• [PROBLEM REQUIREMENTS]
Reproduce exactly the lines below, from the first through the one containing "unfold issued in Hb. cbn in Hb. lia.", and nothing more.

• [DATA EXTRACTS]
- Opening Delimiter -
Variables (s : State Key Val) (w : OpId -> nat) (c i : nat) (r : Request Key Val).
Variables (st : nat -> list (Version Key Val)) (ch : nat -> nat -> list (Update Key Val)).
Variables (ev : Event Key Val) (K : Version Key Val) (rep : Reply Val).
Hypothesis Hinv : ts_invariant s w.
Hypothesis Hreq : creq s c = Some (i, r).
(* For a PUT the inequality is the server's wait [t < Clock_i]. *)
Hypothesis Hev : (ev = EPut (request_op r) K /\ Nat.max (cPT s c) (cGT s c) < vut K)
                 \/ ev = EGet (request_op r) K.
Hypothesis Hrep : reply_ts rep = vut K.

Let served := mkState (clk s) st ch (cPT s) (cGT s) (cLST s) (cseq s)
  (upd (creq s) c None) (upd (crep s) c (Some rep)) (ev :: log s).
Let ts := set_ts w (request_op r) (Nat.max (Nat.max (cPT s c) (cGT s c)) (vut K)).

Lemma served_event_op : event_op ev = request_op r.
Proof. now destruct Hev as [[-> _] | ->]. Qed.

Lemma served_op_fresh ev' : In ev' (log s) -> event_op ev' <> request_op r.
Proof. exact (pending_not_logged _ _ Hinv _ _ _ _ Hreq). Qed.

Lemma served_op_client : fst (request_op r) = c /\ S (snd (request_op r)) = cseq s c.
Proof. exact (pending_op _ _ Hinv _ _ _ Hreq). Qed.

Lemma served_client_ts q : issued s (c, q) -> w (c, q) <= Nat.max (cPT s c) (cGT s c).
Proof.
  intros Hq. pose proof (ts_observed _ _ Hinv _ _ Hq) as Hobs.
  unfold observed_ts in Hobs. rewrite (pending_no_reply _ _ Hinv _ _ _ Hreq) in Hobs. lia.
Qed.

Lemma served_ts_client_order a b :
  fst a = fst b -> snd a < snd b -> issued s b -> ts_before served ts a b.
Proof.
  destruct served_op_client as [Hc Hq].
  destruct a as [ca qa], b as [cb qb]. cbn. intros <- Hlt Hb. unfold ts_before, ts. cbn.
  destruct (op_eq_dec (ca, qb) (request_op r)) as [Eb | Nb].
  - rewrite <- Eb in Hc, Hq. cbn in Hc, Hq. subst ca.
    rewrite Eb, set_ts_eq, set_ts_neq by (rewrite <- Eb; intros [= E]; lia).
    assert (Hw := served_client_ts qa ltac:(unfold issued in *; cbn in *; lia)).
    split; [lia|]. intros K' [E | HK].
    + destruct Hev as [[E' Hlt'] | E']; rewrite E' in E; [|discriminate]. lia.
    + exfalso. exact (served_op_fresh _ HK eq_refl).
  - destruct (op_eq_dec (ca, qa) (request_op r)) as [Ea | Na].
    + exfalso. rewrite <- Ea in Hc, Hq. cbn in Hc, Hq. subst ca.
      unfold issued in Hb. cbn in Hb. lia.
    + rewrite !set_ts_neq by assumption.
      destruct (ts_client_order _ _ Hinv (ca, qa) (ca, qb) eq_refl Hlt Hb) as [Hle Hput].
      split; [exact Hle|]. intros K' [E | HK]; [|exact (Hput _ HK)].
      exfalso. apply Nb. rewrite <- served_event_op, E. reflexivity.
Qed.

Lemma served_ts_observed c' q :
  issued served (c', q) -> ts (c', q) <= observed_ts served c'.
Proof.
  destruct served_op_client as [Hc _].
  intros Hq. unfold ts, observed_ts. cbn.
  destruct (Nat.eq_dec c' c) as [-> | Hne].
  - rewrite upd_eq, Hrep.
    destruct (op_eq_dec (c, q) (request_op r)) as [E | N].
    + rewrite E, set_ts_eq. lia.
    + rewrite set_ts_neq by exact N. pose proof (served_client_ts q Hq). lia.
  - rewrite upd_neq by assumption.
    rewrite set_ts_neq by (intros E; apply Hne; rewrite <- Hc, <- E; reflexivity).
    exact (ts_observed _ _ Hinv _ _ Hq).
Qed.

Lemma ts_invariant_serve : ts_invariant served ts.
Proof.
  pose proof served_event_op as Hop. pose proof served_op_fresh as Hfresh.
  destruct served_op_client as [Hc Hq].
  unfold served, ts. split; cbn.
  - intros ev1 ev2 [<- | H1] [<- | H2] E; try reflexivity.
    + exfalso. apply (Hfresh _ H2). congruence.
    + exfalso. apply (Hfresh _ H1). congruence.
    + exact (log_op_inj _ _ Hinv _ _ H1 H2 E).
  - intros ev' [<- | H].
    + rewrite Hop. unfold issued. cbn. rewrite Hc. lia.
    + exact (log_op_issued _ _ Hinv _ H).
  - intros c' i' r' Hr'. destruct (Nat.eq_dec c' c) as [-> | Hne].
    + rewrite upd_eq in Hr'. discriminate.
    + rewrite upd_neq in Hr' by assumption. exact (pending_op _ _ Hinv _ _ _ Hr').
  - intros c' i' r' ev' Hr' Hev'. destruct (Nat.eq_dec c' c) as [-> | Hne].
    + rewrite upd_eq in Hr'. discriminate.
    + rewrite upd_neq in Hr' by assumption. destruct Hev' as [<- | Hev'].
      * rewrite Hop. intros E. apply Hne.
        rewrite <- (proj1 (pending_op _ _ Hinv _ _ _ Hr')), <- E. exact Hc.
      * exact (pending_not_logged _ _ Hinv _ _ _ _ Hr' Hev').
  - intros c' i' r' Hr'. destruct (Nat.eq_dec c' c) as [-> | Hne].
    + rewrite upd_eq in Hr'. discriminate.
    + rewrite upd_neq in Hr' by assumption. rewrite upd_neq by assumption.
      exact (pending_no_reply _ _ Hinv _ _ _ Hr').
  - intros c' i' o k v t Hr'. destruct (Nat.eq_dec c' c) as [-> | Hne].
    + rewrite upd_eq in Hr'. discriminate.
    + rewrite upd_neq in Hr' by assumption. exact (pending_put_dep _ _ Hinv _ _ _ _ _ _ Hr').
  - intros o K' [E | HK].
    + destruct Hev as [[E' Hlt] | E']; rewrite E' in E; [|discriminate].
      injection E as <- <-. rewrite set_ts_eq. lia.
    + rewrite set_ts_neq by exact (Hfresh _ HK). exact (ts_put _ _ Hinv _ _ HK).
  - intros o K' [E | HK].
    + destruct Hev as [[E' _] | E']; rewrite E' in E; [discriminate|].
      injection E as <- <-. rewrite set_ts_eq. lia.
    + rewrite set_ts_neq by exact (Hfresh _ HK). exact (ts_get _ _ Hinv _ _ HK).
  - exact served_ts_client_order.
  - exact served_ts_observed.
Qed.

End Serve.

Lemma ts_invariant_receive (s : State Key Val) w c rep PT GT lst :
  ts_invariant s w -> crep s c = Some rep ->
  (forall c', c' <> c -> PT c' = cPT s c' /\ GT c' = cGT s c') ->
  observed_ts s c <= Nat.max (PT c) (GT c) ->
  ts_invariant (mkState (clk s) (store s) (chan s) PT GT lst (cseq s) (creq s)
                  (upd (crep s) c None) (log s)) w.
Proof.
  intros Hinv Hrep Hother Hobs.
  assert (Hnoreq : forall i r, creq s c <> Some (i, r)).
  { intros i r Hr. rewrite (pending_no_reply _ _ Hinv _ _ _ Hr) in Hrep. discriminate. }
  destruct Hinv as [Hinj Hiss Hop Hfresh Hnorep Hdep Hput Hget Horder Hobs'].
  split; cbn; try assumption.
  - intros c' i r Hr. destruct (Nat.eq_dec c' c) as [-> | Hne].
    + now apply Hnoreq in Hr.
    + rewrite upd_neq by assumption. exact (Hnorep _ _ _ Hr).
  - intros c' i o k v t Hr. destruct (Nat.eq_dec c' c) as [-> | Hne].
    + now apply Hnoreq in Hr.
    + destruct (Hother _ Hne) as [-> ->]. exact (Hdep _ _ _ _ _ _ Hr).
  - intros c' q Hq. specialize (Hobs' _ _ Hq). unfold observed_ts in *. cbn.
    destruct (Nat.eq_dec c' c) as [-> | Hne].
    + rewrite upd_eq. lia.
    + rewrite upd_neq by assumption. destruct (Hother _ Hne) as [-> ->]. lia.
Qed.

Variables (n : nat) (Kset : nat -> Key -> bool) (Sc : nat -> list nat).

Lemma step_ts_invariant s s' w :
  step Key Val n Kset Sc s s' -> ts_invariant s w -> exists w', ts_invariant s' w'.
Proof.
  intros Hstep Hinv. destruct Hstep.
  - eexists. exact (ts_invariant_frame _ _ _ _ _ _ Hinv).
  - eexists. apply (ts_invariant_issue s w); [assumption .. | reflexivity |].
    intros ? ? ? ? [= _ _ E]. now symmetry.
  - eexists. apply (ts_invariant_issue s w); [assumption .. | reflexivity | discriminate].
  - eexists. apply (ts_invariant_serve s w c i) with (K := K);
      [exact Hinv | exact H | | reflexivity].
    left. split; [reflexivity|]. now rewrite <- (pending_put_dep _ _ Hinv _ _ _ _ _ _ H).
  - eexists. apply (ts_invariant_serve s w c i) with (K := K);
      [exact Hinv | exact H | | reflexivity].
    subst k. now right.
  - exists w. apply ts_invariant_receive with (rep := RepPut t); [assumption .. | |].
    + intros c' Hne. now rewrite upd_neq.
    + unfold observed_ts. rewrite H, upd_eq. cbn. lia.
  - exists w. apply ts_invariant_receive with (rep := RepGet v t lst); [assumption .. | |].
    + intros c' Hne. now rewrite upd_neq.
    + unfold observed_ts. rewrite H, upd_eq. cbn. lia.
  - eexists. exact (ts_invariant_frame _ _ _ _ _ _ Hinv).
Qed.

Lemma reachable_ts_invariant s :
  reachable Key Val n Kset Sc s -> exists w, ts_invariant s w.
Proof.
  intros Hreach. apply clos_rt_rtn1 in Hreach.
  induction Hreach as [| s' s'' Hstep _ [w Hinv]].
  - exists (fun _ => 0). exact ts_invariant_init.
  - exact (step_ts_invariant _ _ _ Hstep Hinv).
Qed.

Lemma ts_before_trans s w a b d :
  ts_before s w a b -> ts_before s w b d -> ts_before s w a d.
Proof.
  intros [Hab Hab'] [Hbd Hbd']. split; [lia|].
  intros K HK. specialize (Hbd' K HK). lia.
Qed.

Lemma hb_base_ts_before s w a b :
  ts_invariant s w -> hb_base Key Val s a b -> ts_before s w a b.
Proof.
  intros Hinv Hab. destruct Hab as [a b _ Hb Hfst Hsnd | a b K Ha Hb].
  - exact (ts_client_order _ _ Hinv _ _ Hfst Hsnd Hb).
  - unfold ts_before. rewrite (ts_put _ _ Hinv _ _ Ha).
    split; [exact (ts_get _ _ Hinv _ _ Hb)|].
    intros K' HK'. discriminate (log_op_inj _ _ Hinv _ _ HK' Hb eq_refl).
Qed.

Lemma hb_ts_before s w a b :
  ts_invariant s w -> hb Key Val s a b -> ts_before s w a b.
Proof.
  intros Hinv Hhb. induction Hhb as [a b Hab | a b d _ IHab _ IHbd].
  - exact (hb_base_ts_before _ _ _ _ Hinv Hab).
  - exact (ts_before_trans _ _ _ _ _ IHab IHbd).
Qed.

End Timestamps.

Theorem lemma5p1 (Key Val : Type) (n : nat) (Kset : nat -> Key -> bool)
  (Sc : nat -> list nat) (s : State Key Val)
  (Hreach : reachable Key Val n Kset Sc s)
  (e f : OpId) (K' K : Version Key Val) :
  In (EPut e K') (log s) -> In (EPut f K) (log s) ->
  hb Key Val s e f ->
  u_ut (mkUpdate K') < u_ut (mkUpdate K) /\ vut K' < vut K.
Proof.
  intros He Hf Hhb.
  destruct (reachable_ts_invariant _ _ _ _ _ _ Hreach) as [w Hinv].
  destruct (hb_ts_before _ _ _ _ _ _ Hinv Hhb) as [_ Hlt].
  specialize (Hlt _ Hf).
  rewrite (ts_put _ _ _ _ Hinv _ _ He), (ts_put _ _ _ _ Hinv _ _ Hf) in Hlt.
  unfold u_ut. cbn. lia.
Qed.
- Closing Delimiter -
• [WRITTEN ANSWER]
Variables (s : State Key Val) (w : OpId -> nat) (c i : nat) (r : Request Key Val).
Variables (st : nat -> list (Version Key Val)) (ch : nat -> nat -> list (Update Key Val)).
Variables (ev : Event Key Val) (K : Version Key Val) (rep : Reply Val).
Hypothesis Hinv : ts_invariant s w.
Hypothesis Hreq : creq s c = Some (i, r).
(* For a PUT the inequality is the server's wait [t < Clock_i]. *)
Hypothesis Hev : (ev = EPut (request_op r) K /\ Nat.max (cPT s c) (cGT s c) < vut K)
                 \/ ev = EGet (request_op r) K.
Hypothesis Hrep : reply_ts rep = vut K.

Let served := mkState (clk s) st ch (cPT s) (cGT s) (cLST s) (cseq s)
  (upd (creq s) c None) (upd (crep s) c (Some rep)) (ev :: log s).
Let ts := set_ts w (request_op r) (Nat.max (Nat.max (cPT s c) (cGT s c)) (vut K)).

Lemma served_event_op : event_op ev = request_op r.
Proof. now destruct Hev as [[-> _] | ->]. Qed.

Lemma served_op_fresh ev' : In ev' (log s) -> event_op ev' <> request_op r.
Proof. exact (pending_not_logged _ _ Hinv _ _ _ _ Hreq). Qed.

Lemma served_op_client : fst (request_op r) = c /\ S (snd (request_op r)) = cseq s c.
Proof. exact (pending_op _ _ Hinv _ _ _ Hreq). Qed.

Lemma served_client_ts q : issued s (c, q) -> w (c, q) <= Nat.max (cPT s c) (cGT s c).
Proof.
  intros Hq. pose proof (ts_observed _ _ Hinv _ _ Hq) as Hobs.
  unfold observed_ts in Hobs. rewrite (pending_no_reply _ _ Hinv _ _ _ Hreq) in Hobs. lia.
Qed.

Lemma served_ts_client_order a b :
  fst a = fst b -> snd a < snd b -> issued s b -> ts_before served ts a b.
Proof.
  destruct served_op_client as [Hc Hq].
  destruct a as [ca qa], b as [cb qb]. cbn. intros <- Hlt Hb. unfold ts_before, ts. cbn.
  destruct (op_eq_dec (ca, qb) (request_op r)) as [Eb | Nb].
  - rewrite <- Eb in Hc, Hq. cbn in Hc, Hq. subst ca.
    rewrite Eb, set_ts_eq, set_ts_neq by (rewrite <- Eb; intros [= E]; lia).
    assert (Hw := served_client_ts qa ltac:(unfold issued in *; cbn in *; lia)).
    split; [lia|]. intros K' [E | HK].
    + destruct Hev as [[E' Hlt'] | E']; rewrite E' in E; [|discriminate]. lia.
    + exfalso. exact (served_op_fresh _ HK eq_refl).
  - destruct (op_eq_dec (ca, qa) (request_op r)) as [Ea | Na].
    + exfalso. rewrite <- Ea in Hc, Hq. cbn in Hc, Hq. subst ca.
      unfold issued in Hb. cbn in Hb. lia.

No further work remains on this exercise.